Definition is_hom (G K : Group) (f : G -> K) : Prop :=
  forall x y, f (gmul x y) = gmul (f x) (f y).
Arguments is_hom {G K} f.

Arguments is_subgroup {G} H.
(** theta : H -> G is an injective homomorphism (theta is given as a map on G,
    only its values on H matter). *)
Definition inj_hom_on (G : Group) (H : G -> Prop) (theta : G -> G) : Prop :=
  (forall x y, H x -> H y -> theta (gmul x y) = gmul (theta x) (theta y)) /\
  (forall x y, H x -> H y -> theta x = theta y -> x = y).

Arguments inj_hom_on {G} H theta.
Definition image_on (G : Group) (H : G -> Prop) (theta : G -> G) (g : G) : Prop :=
  exists h, H h /\ theta h = g.

Arguments image_on {G} H theta g.
Definition left_transversal (G : Group) (H S : G -> Prop) : Prop :=
  forall g : G, exists! s, S s /\ H (gmul (ginv s) g).

Arguments left_transversal {G} H S.
(** Gamma (with iota : G -> Gamma and tau) is HNN(G,H,theta), characterised by
    the universal property of the presentation
    < G, tau | tau^-1 h tau = theta(h) (h in H) >. *)
Definition IsHNN (G : Group) (H : G -> Prop) (theta : G -> G)
  (Gam : Group) (iota : G -> Gam) (tau : Gam) : Prop :=
  is_hom iota /\
  (forall h, H h -> gmul (gmul (ginv tau) (iota h)) tau = iota (theta h)) /\
  (forall (K : Group) (phi : G -> K) (t : K),
     is_hom phi ->
     (forall h, H h -> gmul (gmul (ginv t) (phi h)) t = phi (theta h)) ->
     exists psi : Gam -> K,
       is_hom psi /\ (forall g, psi (iota g) = phi g) /\ psi tau = t /\
       (forall psi' : Gam -> K, is_hom psi' -> (forall g, psi' (iota g) = phi g) ->
          psi' tau = t -> forall x, psi' x = psi x)).

Arguments IsHNN {G} H theta {Gam} iota tau.
(** Signs epsilon in {+1,-1} are encoded as booleans: true = +1, false = -1. *)
Definition tpow (Gam : Group) (tau : Gam) (e : bool) : Gam :=
  if e then tau else ginv tau.

(** Value of g_1 tau^e_1 ... g_n tau^e_n g_{n+1}, where l = [(g_1,e_1);...;(g_n,e_n)]. *)
Arguments tpow {Gam} tau e.
Definition nf_eval (G Gam : Group) (iota : G -> Gam) (tau : Gam)
  (l : list (G * bool)) (last : G) : Gam :=
  fold_right (fun (p : car G * bool) (acc : car Gam) => gmul (iota (fst p)) (gmul (tpow tau (snd p)) acc))
             (iota last) l.

(** g_i in S_{-e_i}: Sm = S_{-1} (reps for H_{-1}=H), Sp = S_1 (reps for H_1=theta(H)). *)
Arguments nf_eval {G Gam} iota tau l last.
Definition nf_letters (G : Group) (Sm Sp : G -> Prop) (l : list (G * bool)) : Prop :=
  Forall (fun p : car G * bool => if snd p then Sm (fst p) else Sp (fst p)) l.

Arguments nf_letters {G} Sm Sp l.
Fixpoint nf_reduced (G : Group) (l : list (G * bool)) : Prop :=
  match l with
  | nil => True
  | p :: l' =>
      match l' with
      | nil => True
      | q :: _ => (fst q = gone -> snd p = snd q)
      end /\ nf_reduced G l'
  end.

Arguments nf_reduced {G} l.
Definition is_normal_form (G Gam : Group) (iota : G -> Gam) (tau : Gam)
  (Sm Sp : G -> Prop) (x : Gam) (l : list (G * bool)) (last : G) : Prop :=
  nf_letters Sm Sp l /\ nf_reduced l /\ nf_eval iota tau l last = x.

Arguments is_normal_form {G Gam} iota tau Sm Sp x l last.
Definition T_set (G Gam : Group) (iota : G -> Gam) (tau : Gam)
  (Sm Sp : G -> Prop) (e : bool) (x : Gam) : Prop :=
  exists g rest last, is_normal_form iota tau Sm Sp x ((g, e) :: rest) last.

Arguments T_set {G Gam} iota tau Sm Sp e x.
Definition T_dag (G Gam : Group) (iota : G -> Gam) (tau : Gam)
  (Sm Sp : G -> Prop) (e : bool) (x : Gam) : Prop :=
  exists rest last, is_normal_form iota tau Sm Sp x ((gone, e) :: rest) last.

Arguments T_dag {G Gam} iota tau Sm Sp e x.
Definition quasi_kernel (G Gam : Group) (H : G -> Prop) (iota : G -> Gam) (tau : Gam)
  (Sm Sp : G -> Prop) (e : bool) (x : Gam) : Prop :=
  forall r : Gam, ~ T_dag iota tau Sm Sp e r ->
    exists h, H h /\ x = gmul (gmul r (iota h)) (ginv r).

Arguments quasi_kernel {G Gam} H iota tau Sm Sp e x.
Definition is_normal_subgroup (Gam : Group) (N : Gam -> Prop) : Prop :=
  is_subgroup N /\ (forall y z, N y -> N (gmul (gmul z y) (ginv z))).

Arguments is_normal_subgroup {Gam} N.
Definition normal_closure (Gam : Group) (A : Gam -> Prop) (x : Gam) : Prop :=
  forall N : Gam -> Prop, is_normal_subgroup N -> (forall y, A y -> N y) -> N x.

Arguments normal_closure {Gam} A x.
(** int Gamma: the (common) normal closure of the quasi-kernels; taken here as
    the normal closure of K_{+1} u K_{-1}, which equals either one since they
    coincide. *)
Definition interior (G Gam : Group) (H : G -> Prop) (iota : G -> Gam) (tau : Gam)
  (Sm Sp : G -> Prop) : Gam -> Prop :=
  normal_closure (fun x => quasi_kernel H iota tau Sm Sp true x \/
                           quasi_kernel H iota tau Sm Sp false x).

Arguments interior {G Gam} H iota tau Sm Sp _.
Definition trivial_set (Gam : Group) (A : Gam -> Prop) : Prop :=
  forall x, A x -> x = gone.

* [THE PROBLEM]:
The answer is every entry, repeated word for word.

* [COMPLETED EXERCISE]:
Definition is_hom (G K : Group) (f : G -> K) : Prop :=
  forall x y, f (gmul x y) = gmul (f x) (f y).
Arguments is_hom {G K} f.

Arguments is_subgroup {G} H.
(** theta : H -> G is an injective homomorphism (theta is given as a map on G,
    only its values on H matter). *)
Definition inj_hom_on (G : Group) (H : G -> Prop) (theta : G -> G) : Prop :=
  (forall x y, H x -> H y -> theta (gmul x y) = gmul (theta x) (theta y)) /\
  (forall x y, H x -> H y -> theta x = theta y -> x = y).

Arguments inj_hom_on {G} H theta.
Definition image_on (G : Group) (H : G -> Prop) (theta : G -> G) (g : G) : Prop :=
  exists h, H h /\ theta h = g.

Arguments image_on {G} H theta g.
Definition left_transversal (G : Group) (H S : G -> Prop) : Prop :=
  forall g : G, exists! s, S s /\ H (gmul (ginv s) g).

Arguments left_transversal {G} H S.
(** Gamma (with iota : G -> Gamma and tau) is HNN(G,H,theta), characterised by
    the universal property of the presentation
    < G, tau | tau^-1 h tau = theta(h) (h in H) >. *)
Definition IsHNN (G : Group) (H : G -> Prop) (theta : G -> G)
  (Gam : Group) (iota : G -> Gam) (tau : Gam) : Prop :=
  is_hom iota /\
  (forall h, H h -> gmul (gmul (ginv tau) (iota h)) tau = iota (theta h)) /\
  (forall (K : Group) (phi : G -> K) (t : K),
     is_hom phi ->
     (forall h, H h -> gmul (gmul (ginv t) (phi h)) t = phi (theta h)) ->
     exists psi : Gam -> K,
       is_hom psi /\ (forall g, psi (iota g) = phi g) /\ psi tau = t /\
       (forall psi' : Gam -> K, is_hom psi' -> (forall g, psi' (iota g) = phi g) ->
          psi' tau = t -> forall x, psi' x = psi x)).

Arguments IsHNN {G} H theta {Gam} iota tau.
(** Signs epsilon in {+1,-1} are encoded as booleans: true = +1, false = -1. *)
Definition tpow (Gam : Group) (tau : Gam) (e : bool) : Gam :=
  if e then tau else ginv tau.

(** Value of g_1 tau^e_1 ... g_n tau^e_n g_{n+1}, where l = [(g_1,e_1);...;(g_n,e_n)]. *)
Arguments tpow {Gam} tau e.
Definition nf_eval (G Gam : Group) (iota : G -> Gam) (tau : Gam)
  (l : list (G * bool)) (last : G) : Gam :=
  fold_right (fun (p : car G * bool) (acc : car Gam) => gmul (iota (fst p)) (gmul (tpow tau (snd p)) acc))
             (iota last) l.

(** g_i in S_{-e_i}: Sm = S_{-1} (reps for H_{-1}=H), Sp = S_1 (reps for H_1=theta(H)). *)
Arguments nf_eval {G Gam} iota tau l last.
Definition nf_letters (G : Group) (Sm Sp : G -> Prop) (l : list (G * bool)) : Prop :=
  Forall (fun p : car G * bool => if snd p then Sm (fst p) else Sp (fst p)) l.

Arguments nf_letters {G} Sm Sp l.
Fixpoint nf_reduced (G : Group) (l : list (G * bool)) : Prop :=
  match l with
  | nil => True
  | p :: l' =>
      match l' with
      | nil => True
      | q :: _ => (fst q = gone -> snd p = snd q)
      end /\ nf_reduced G l'
  end.

Arguments nf_reduced {G} l.
Definition is_normal_form (G Gam : Group) (iota : G -> Gam) (tau : Gam)
  (Sm Sp : G -> Prop) (x : Gam) (l : list (G * bool)) (last : G) : Prop :=
  nf_letters Sm Sp l /\ nf_reduced l /\ nf_eval iota tau l last = x.

Arguments is_normal_form {G Gam} iota tau Sm Sp x l last.
Definition T_set (G Gam : Group) (iota : G -> Gam) (tau : Gam)
  (Sm Sp : G -> Prop) (e : bool) (x : Gam) : Prop :=
  exists g rest last, is_normal_form iota tau Sm Sp x ((g, e) :: rest) last.

Arguments T_set {G Gam} iota tau Sm Sp e x.
Definition T_dag (G Gam : Group) (iota : G -> Gam) (tau : Gam)
  (Sm Sp : G -> Prop) (e : bool) (x : Gam) : Prop :=
  exists rest last, is_normal_form iota tau Sm Sp x ((gone, e) :: rest) last.

Arguments T_dag {G Gam} iota tau Sm Sp e x.
Definition quasi_kernel (G Gam : Group) (H : G -> Prop) (iota : G -> Gam) (tau : Gam)
  (Sm Sp : G -> Prop) (e : bool) (x : Gam) : Prop :=
  forall r : Gam, ~ T_dag iota tau Sm Sp e r ->
    exists h, H h /\ x = gmul (gmul r (iota h)) (ginv r).

Arguments quasi_kernel {G Gam} H iota tau Sm Sp e x.
Definition is_normal_subgroup (Gam : Group) (N : Gam -> Prop) : Prop :=
  is_subgroup N /\ (forall y z, N y -> N (gmul (gmul z y) (ginv z))).

Arguments is_normal_subgroup {Gam} N.
Definition normal_closure (Gam : Group) (A : Gam -> Prop) (x : Gam) : Prop :=
  forall N : Gam -> Prop, is_normal_subgroup N -> (forall y, A y -> N y) -> N x.

Arguments normal_closure {Gam} A x.
(** int Gamma: the (common) normal closure of the quasi-kernels; taken here as
    the normal closure of K_{+1} u K_{-1}, which equals either one since they
    coincide. *)
Definition interior (G Gam : Group) (H : G -> Prop) (iota : G -> Gam) (tau : Gam)
  (Sm Sp : G -> Prop) : Gam -> Prop :=
  normal_closure (fun x => quasi_kernel H iota tau Sm Sp true x \/
                           quasi_kernel H iota tau Sm Sp false x).

Arguments interior {G Gam} H iota tau Sm Sp _.
Definition trivial_set (Gam : Group) (A : Gam -> Prop) : Prop :=
  forall x, A x -> x = gone.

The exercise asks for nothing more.